I Love America: The Memoirs of Command Sergeant Major Tadeusz Gaweda As Written by Charles E. Glover

Price 16.70 - 21.00 USD

EAN/UPC/ISBN Code 9780805945973


In full flight from the advancing Russian army, Nazi legions pour into Kamien-Koszyrski, Poland, in November 1943. The Nazi troops invade the town in a frenzy, routing townspeople from their homes and loading them onto horse-drawn wagons – the first step in what will become a nightmare journey to a German labor camp. Ten-year-old Tadeusz Gaweda, his parents, and seven brothers and sisters pile into a wagon with blankets, the clothes on their backs, and a few personal items. Fierce Ukrainian partisans twice ambush the convoy, killing indiscriminately. The Gaweda family and other survivors are jammed into unheated railroad boxcars for the final leg of their hellish trip.
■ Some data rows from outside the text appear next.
Lemma causal_ltP (x y : tup) : causal_lt x y <-> future_cone (fun i => nth 0 y i - nth 0 x i).
Proof.
rewrite -future_causal_diffv; split=> [[[->|//] []]|yx] //.
split=> [|exy]; first by right.
by move: yx; rewrite exy future_causal_diffv => -[]; rewrite subrr ltxx.
Qed.

Lemma causal_le_lt_trans (x y z : tup) : causal_le x y -> causal_lt y z -> causal_lt x z.
Proof.
case=> [-> //|]; rewrite future_causal_diffv => xy /causal_ltP yz; apply/causal_ltP.
by have := future_coneD yz xy; congr future_cone; apply/funext => i; ring.
Qed.

Lemma causal_lt_trans (x y z : tup) : causal_lt x y -> causal_lt y z -> causal_lt x z.
Proof. by move=> [xy _]; exact: causal_le_lt_trans. Qed.

Lemma causal_le_coord (c e : tup) j : causal_le c e -> (j < d)%N ->
  `|nth 0 e j - nth 0 c j| <= nth 0 e 0 - nth 0 c 0.
Proof.
case=> [->|]; first by rewrite !subrr normr0.
rewrite future_causal_diffv => ce jd; have [ce0 _] := ce.
have [->|j0] := eqVneq j 0%N; first by rewrite gtr0_norm.
by apply: future_cone_coord ce _; rewrite lt0n j0.
Qed.

Lemma incomparable_spacelike (a b : tup) : a <> b -> ~ causal_lt a b -> ~ causal_lt b a ->
  (nth 0 b 0 - nth 0 a 0) ^+ 2 < \sum_(1 <= j < d) (nth 0 b j - nth 0 a j) ^+ 2.
Proof.
move=> ab nab nba; rewrite ltNge; apply/negP => timelike.
have [t0|t0|t0] := ltgtP (nth 0 b 0 - nth 0 a 0) 0.
- apply: nba; apply/causal_ltP; split; first by rewrite subr_gt0 -subr_lt0.
  by rewrite -sqrrN opprB; under eq_bigr => j _ do rewrite -sqrrN opprB.
- by apply: nab; apply/causal_ltP.
apply: ab; apply: val_inj; apply: (@eq_from_nth _ 0); first by rewrite !size_tuple.
rewrite size_tuple => j jd; apply/eqP; rewrite eq_sym -subr_eq0 -sqrf_eq0 eq_le sqr_ge0 andbT.
have [->|j0] := eqVneq j 0%N; first by rewrite t0 expr0n.
apply: le_trans (le_trans _ timelike) _; last by rewrite t0 expr0n.
apply: (term_le_sum_nat (F := fun j => (nth 0 b j - nth 0 a j) ^+ 2)) => [|i _].
  by rewrite lt0n j0.
exact: sqr_ge0.
Qed.

End FutureCone.

Section Covering.
Variables (R : realType) (d : nat).
Local Notation tup := (d.-tuple R).

Definition locally_finite (X : set tup) : Prop :=
  forall lo hi, finite_set (X `&` box lo hi).

Lemma causal_interval_sub_box (c a : tup) :
  exists lo hi, [set e | causal_le c e /\ causal_lt e a] `<=` box lo hi.
Proof.
pose D := nth 0 a 0 - nth 0 c 0.
exists [tuple nth 0 c i - D | i < d], [tuple nth 0 c i + D | i < d].
move=> e [ce /causal_ltP[ea0 _]] i; rewrite !tnth_mktuple (tnth_nth 0).
have := causal_le_coord (j := 0) ce (leq_ltn_trans (leq0n _) (ltn_ord i)).
move=> /(le_trans (normr_ge0 _)) ce0.
have := causal_le_coord ce (ltn_ord i); rewrite ler_norml => /andP[? ?].
by rewrite /D; apply/andP; split; lra.
Qed.

Lemma exists_covered_not_below (X : set tup) (a b c : tup) : locally_finite X ->
  X a -> X c -> causal_lt c a -> ~ causal_lt c b ->
  exists m, covers X m a /\ ~ causal_lt m b.
Proof.
move=> finX Xa Xc ca ncb.
pose F := [set e | X e /\ causal_le c e /\ causal_lt e a /\ ~ causal_lt e b].
have [lo [hi cab]] := causal_interval_sub_box c a.
have finF : finite_set F.
  by apply: sub_finite_set (finX lo hi) => e [Xe [ce [ea _]]]; split => //; apply: cab.
have Fc : F c by do !split => //; left.
have [m [Xm [cm [ma nmb]]] mmax] := finite_set_argmax (fun e : tup => nth 0 e 0) finF Fc.
exists m; split=> //; do 3!split=> //; case=> e [Xe [me ea]].
have Fe : F e.
  by do !split => //; [case: (causal_le_lt_trans cm me) | move/(causal_lt_trans me)].
by have := mmax e Fe; have /causal_ltP[] := me; rewrite subr_gt0 => /lt_geF ->.
Qed.

Lemma Lminus_neq (X : set tup) (a b c : tup) : locally_finite X ->
  X a -> X c -> causal_lt c a -> ~ causal_lt c b -> Lminus X a <> Lminus X b.
Proof.
move=> finX Xa Xc ca ncb eqL.
have [m [mca nmb]] := exists_covered_not_below finX Xa Xc ca ncb.
have : Lminus X b m by rewrite -eqL.
by case=> _ [_ []].
Qed.

End Covering.

Section NullRays.
Variables (R : realType) (d : nat).
Local Notation tup := (d.-tuple R).
Implicit Types (p q : d.-tuple int) (a b x y : nat -> R).

(* Only the spatial coordinates 1 .. d-1 of [q] are used. *)
Definition qnorm q : R := Num.sqrt (\sum_(1 <= j < d) (nth 0 q j)%:~R ^+ 2).

Lemma qnorm_ge0 q : 0 <= qnorm q.
Proof. exact: sqrtr_ge0. Qed.

Lemma sqr_qnorm q : qnorm q ^+ 2 = \sum_(1 <= j < d) (nth 0 q j)%:~R ^+ 2.
Proof. by rewrite sqr_sqrtr // sumr_ge0 // => j _; apply: sqr_ge0. Qed.

Lemma qnorm_ge1 q : 0 < qnorm q -> 1 <= qnorm q.
Proof.
rewrite /qnorm; have -> : \sum_(1 <= j < d) (nth 0 q j)%:~R ^+ 2 =
    (\sum_(1 <= j < d) nth 0 q j ^+ 2)%:~R :> R.
  by rewrite rmorph_sum; apply: eq_bigr => j _; rewrite rmorphXn.
rewrite sqrtr_gt0 ltr0z gtz0_ge1 -(ler1z R) => ge1.
by have := ler_wsqrtr ge1; rewrite sqrtr1.
Qed.

Lemma abs_coord_le_qnorm q j : (1 <= j < d)%N -> `|(nth 0 q j)%:~R| <= qnorm q.
Proof.
move=> hj; rewrite -ler_sqr ?nnegrE ?qnorm_ge0 // real_normK ?num_real // sqr_qnorm.
apply: (term_le_sum_nat (F := fun j => (nth 0 q j)%:~R ^+ 2)) => // i _.
exact: sqr_ge0.
Qed.

Lemma qnorm_gt0 q (s : nat -> R) :
  0 < \sum_(1 <= j < d) s j * (nth 0 q j)%:~R -> 0 < qnorm q.
Proof.
apply: contraTT; rewrite -leNgt => Q0.
have : \sum_(1 <= j < d) (nth 0 q j)%:~R ^+ 2 == 0 :> R.
  by rewrite -sqr_qnorm sqrf_eq0 eq_le Q0 qnorm_ge0.
rewrite psumr_eq0 => [/allP q0|j _]; last exact: sqr_ge0.
rewrite -leNgt big_seq big1 // => j /q0 /=; rewrite sqrf_eq0 => /eqP ->.
by rewrite mulr0.
Qed.

Definition floor_dir (K : R) (s : nat -> R) : d.-tuple int :=
  [tuple Num.floor (K * s i) | i < d].

Lemma nth_floor_dir K s j : (j < d)%N -> nth 0 (floor_dir K s) j = Num.floor (K * s j).
Proof. by move=> jd; rewrite (nth_mktuple _ _ (Ordinal jd)). Qed.

Lemma floor_dir_dot_ge K s :
  K * \sum_(1 <= j < d) s j ^+ 2 - \sum_(1 <= j < d) `|s j| <=
  \sum_(1 <= j < d) s j * (nth 0 (floor_dir K s) j)%:~R.
Proof.
rewrite mulr_sumr -sumrB; apply: ler_sum_nat => j /andP[_ jd].
by rewrite nth_floor_dir //; apply: mul_floor_ge.
Qed.

Lemma sqr_qnorm_floor_dir K s : 0 <= K ->
  qnorm (floor_dir K s) ^+ 2 <=
  K ^+ 2 * \sum_(1 <= j < d) s j ^+ 2 + 2 * K * \sum_(1 <= j < d) `|s j| + d%:R.
Proof.
move=> K0; rewrite sqr_qnorm.
apply: (@le_trans _ _ (\sum_(1 <= j < d) (K ^+ 2 * s j ^+ 2 + 2 * K * `|s j| + 1))).
  apply: ler_sum_nat => j /andP[_ jd].
  by rewrite nth_floor_dir //; apply: sqr_floor_le.
by rewrite !big_split /= -!mulr_sumr sumr_const_nat lerD2l ler_nat leq_subr.
Qed.

(* This [K] makes [t (K^2 N2 + 2 K L + d) < (K N2 - L)^2], which bounds
   [(s_0 |q|)^2 < <s, q>^2] by the two estimates above. *)
Lemma exists_int_direction (s : nat -> R) :
  s 0%N ^+ 2 < \sum_(1 <= j < d) s j ^+ 2 -> exists q,
    0 < qnorm q /\ s 0%N * qnorm q < \sum_(1 <= j < d) s j * (nth 0 q j)%:~R.
Proof.
set N2 := \sum_(1 <= j < d) s j ^+ 2; set t := s 0%N ^+ 2 => tN2.
have t0 : 0 <= t by apply: sqr_ge0.
set L := \sum_(1 <= j < d) `|s j|.
have L0 : 0 <= L by apply: sumr_ge0.
have N2t : 0 < N2 - t by rewrite subr_gt0.
pose K := (4 * L + d%:R) / (N2 - t) + 1.
have K1 : 1 <= K.
  by rewrite lerDr; apply: divr_ge0; [rewrite addr_ge0 ?mulr_ge0 | apply: ltW].
have KN2t : 4 * L + d%:R < K * (N2 - t).
  by rewrite /K (mulrDl _ 1) mul1r divfK ?ltrDl // gt_eqF.
pose q := floor_dir K s.
have D_ge := floor_dir_dot_ge K s; rewrite -/N2 -/L -/q in D_ge.
set D := \sum_(1 <= j < d) _ in D_ge.
have Q2_le := sqr_qnorm_floor_dir s (le_trans ler01 K1); rewrite -/N2 -/L -/q in Q2_le.
have Kt0 : 0 <= K * t by rewrite mulr_ge0 // (le_trans ler01).
have d0 : (0 : R) <= d%:R by [].
have D0 : 0 < D by nra.
have key : t * qnorm q ^+ 2 < D ^+ 2.
  have : t * qnorm q ^+ 2 <= t * (K ^+ 2 * N2 + 2 * K * L + d%:R) by rewrite ler_wpM2l.
  have : (K * N2 - L) ^+ 2 <= D ^+ 2 by rewrite ler_sqr ?nnegrE; nra.
  have : K * (4 * L + d%:R) < K * (K * (N2 - t)).
    by rewrite ltr_pM2l //; apply: lt_le_trans K1.
  have : 0 <= K * L by rewrite mulr_ge0 // (le_trans ler01).
  have : (d%:R : R) <= K * d%:R by rewrite ler_peMl.
  nra.
exists q; split; first exact: qnorm_gt0 D0.
have [sQ|sQ] := lerP (s 0%N * qnorm q) 0; first exact: le_lt_trans sQ D0.
by rewrite -ltr_sqr ?nnegrE ?(ltW D0) ?(ltW sQ) // exprMn.
Qed.

Definition null_dir q (j : nat) : R := if j == 0%N then qnorm q else (nth 0 q j)%:~R.

Lemma null_shift_causal a b x y q (t : R) : 0 < qnorm q -> 0 < t ->
  (forall j, y j = x j + t * null_dir q j) ->
  future_cone d (fun j => a j - y j) ->
  (b 0%N - y 0%N) * qnorm q < \sum_(1 <= j < d) (b j - y j) * (nth 0 q j)%:~R ->
  future_cone d (fun j => a j - x j) /\ ~ future_cone d (fun j => b j - x j).
Proof.
move=> Q0 t0 yE ay by_lt.
have tu : future_cone d (fun j => t * null_dir q j).
  split; first by rewrite /null_dir mulr_gt0.
  rewrite exprMn sqr_qnorm mulr_sumr.
  rewrite (eq_big_nat _ _ (F2 := fun j => t ^+ 2 * (nth 0 q j)%:~R ^+ 2)) //.
  by move=> j /andP[j1 _]; rewrite exprMn /null_dir -[j]prednK.
split.
  have := future_coneD ay tu; congr future_cone; apply/funext => j.
  by rewrite yE; ring.
move=> bx.
have qQ : \sum_(1 <= j < d) (nth 0 q j)%:~R ^+ 2 <= qnorm q ^+ 2 by rewrite sqr_qnorm.
have := future_cone_dot bx Q0 qQ.
have -> : \sum_(1 <= j < d) (b j - x j) * (nth 0 q j)%:~R =
    \sum_(1 <= j < d) (b j - y j) * (nth 0 q j)%:~R + t * qnorm q ^+ 2.
  rewrite sqr_qnorm mulr_sumr -big_split; apply: eq_big_nat => j /andP[j1 _].
  by rewrite yE /null_dir -[j]prednK //=; ring.
by move: by_lt; rewrite yE /null_dir /=; nra.
Qed.

Lemma dot_lt_of_near a b y q (m eps : R) : 0 < qnorm q ->
  (b 0%N - a 0%N + m) * qnorm q <= \sum_(1 <= j < d) (b j - a j) * (nth 0 q j)%:~R ->
  (forall j, (1 <= j < d)%N -> `|a j - y j| <= eps) -> a 0%N - y 0%N + d.-1%:R * eps < m ->
  (b 0%N - y 0%N) * qnorm q < \sum_(1 <= j < d) (b j - y j) * (nth 0 q j)%:~R.
Proof.
move=> Q0 ab ay small.
have : - (eps * qnorm q) *+ d.-1 <= \sum_(1 <= j < d) (a j - y j) * (nth 0 q j)%:~R.
  rewrite -subn1 -sumr_const_nat; apply: ler_sum_nat => j j1d.
  apply: lerNnormlW; rewrite normrM.
  exact: ler_pM (normr_ge0 _) (normr_ge0 _) (ay j j1d) (abs_coord_le_qnorm q j1d).
have -> : \sum_(1 <= j < d) (b j - y j) * (nth 0 q j)%:~R =
    \sum_(1 <= j < d) (b j - a j) * (nth 0 q j)%:~R +
    \sum_(1 <= j < d) (a j - y j) * (nth 0 q j)%:~R.
  by rewrite -big_split; apply: eq_bigr => j _ /=; ring.
rewrite mulNrn -mulr_natr.
have : 0 < qnorm q * (m - (a 0%N - y 0%N + d.-1%:R * eps)) by rewrite mulr_gt0 // subr_gt0.
nra.
Qed.

(* [ray_cell p q k n] is the grid cell [p / (k+1) + [0, 1/(k+1))^d] translated
   by [-(n+1) u], where [u = null_dir q] is a future null vector; [ray_corner]
   with [e = 0] and [e = 1] gives its two corners. *)
Definition ray_corner p q (k n : nat) (e : R) : tup :=
  [tuple ((nth 0 p i)%:~R + e) / k.+1%:R - n.+1%:R * null_dir q i | i < d].

Definition ray_cell p q (k n : nat) : set tup :=
  box (ray_corner p q k n 0) (ray_corner p q k n 1).

Definition null_ray p q (k : nat) : set tup := \bigcup_n ray_cell p q k n.

Lemma ray_cellP p q k n (x : tup) j : ray_cell p q k n x -> (j < d)%N ->
  (nth 0 p j)%:~R / k.+1%:R <= nth 0 x j + n.+1%:R * null_dir q j <
  ((nth 0 p j)%:~R + 1) / k.+1%:R.
Proof.
move=> + jd => /(_ (Ordinal jd)); rewrite !tnth_mktuple (tnth_nth 0) /= addr0.
by rewrite lerBlDr ltrBrDr.
Qed.

Lemma exists_grid_cell_near (c : nat -> R) (eps : R) : 0 < eps ->
  exists p (k : nat), forall y : nat -> R,
    (forall j, (j < d)%N ->
       (nth 0 p j)%:~R / k.+1%:R <= y j < ((nth 0 p j)%:~R + 1) / k.+1%:R) ->
    forall j, (j < d)%N -> `|y j - c j| <= eps.
Proof.
move=> eps0; pose k := Num.truncn eps^-1.
have k1 : eps^-1 < k.+1%:R by apply: truncnS_gt.
have k0 : 0 < k.+1%:R :> R by [].
exists [tuple Num.floor (c i * k.+1%:R) | i < d], k => y yp j jd.
have := yp j jd; rewrite (nth_mktuple _ _ (Ordinal jd)) /=.
have /andP[fl flS] := floor_itv (c j * k.+1%:R); rewrite intrD in flS.
move=> /andP[]; rewrite ler_pdivrMr // ltr_pdivlMr // => lo hi.
have ek : 1 <= eps * k.+1%:R by rewrite -ler_pdivrMl // mulr1 (ltW k1).
by rewrite ler_norml; apply/andP; split; nra.
Qed.

Lemma ray_cell_volume (nu : {measure set tup -> \bar R}) p q k n :
  is_lebesgue_volume nu -> nu (ray_cell p q k n) = ((k.+1%:R^-1) ^+ d)%:E.
Proof.
have side i : tnth (ray_corner p q k n 1) i - tnth (ray_corner p q k n 0) i = k.+1%:R^-1.
  by rewrite !tnth_mktuple addr0; ring.
move=> leb; rewrite /ray_cell leb => [|i]; last by rewrite -subr_ge0 side invr_ge0.
by rewrite (eq_bigr (fun=> k.+1%:R^-1)) ?prodr_const ?card_ord // => i _; apply: side.
Qed.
At the work camp, Tadeusz and his little sister survive yet another attempt on their lives. They only pretend to swallow the “medicine” handed out by guards – little red pills that are actually poison. Tadeusz and his family are rescued by advancing American GIs who liberated the camp. The soldier saviors become Tadeusz’s heroes, and by the time he emigrates to the United States in 1949, his dream is to join the United States Army. He tries to enlist but is turned away because of his age. After working in Polish bakeries in Brooklyn and Chicago, he realizes his dream in 1953 and embarks on a thirty-five-year career in the United States Army – four tours in Korea, two in Vietnam, and combat in the Dominican Republic and Grenada. As he rises rapidly in rank, medals, citations, badges, and other decorations cover the front of his uniform. In 1984 Gaweda reaches the pinnacle of his career when he becomes command sergeant major of the XVIII Airborne Corps, the top enlisted man among 84,000 soldiers. This also is a continuing love story. Gaweda’s wife, Edith, whose family was forced to leave Czechoslovakia’s Sudetenland after the end of World War II, met her future husband after fleeing from communist East Germany through the Berlin subway system.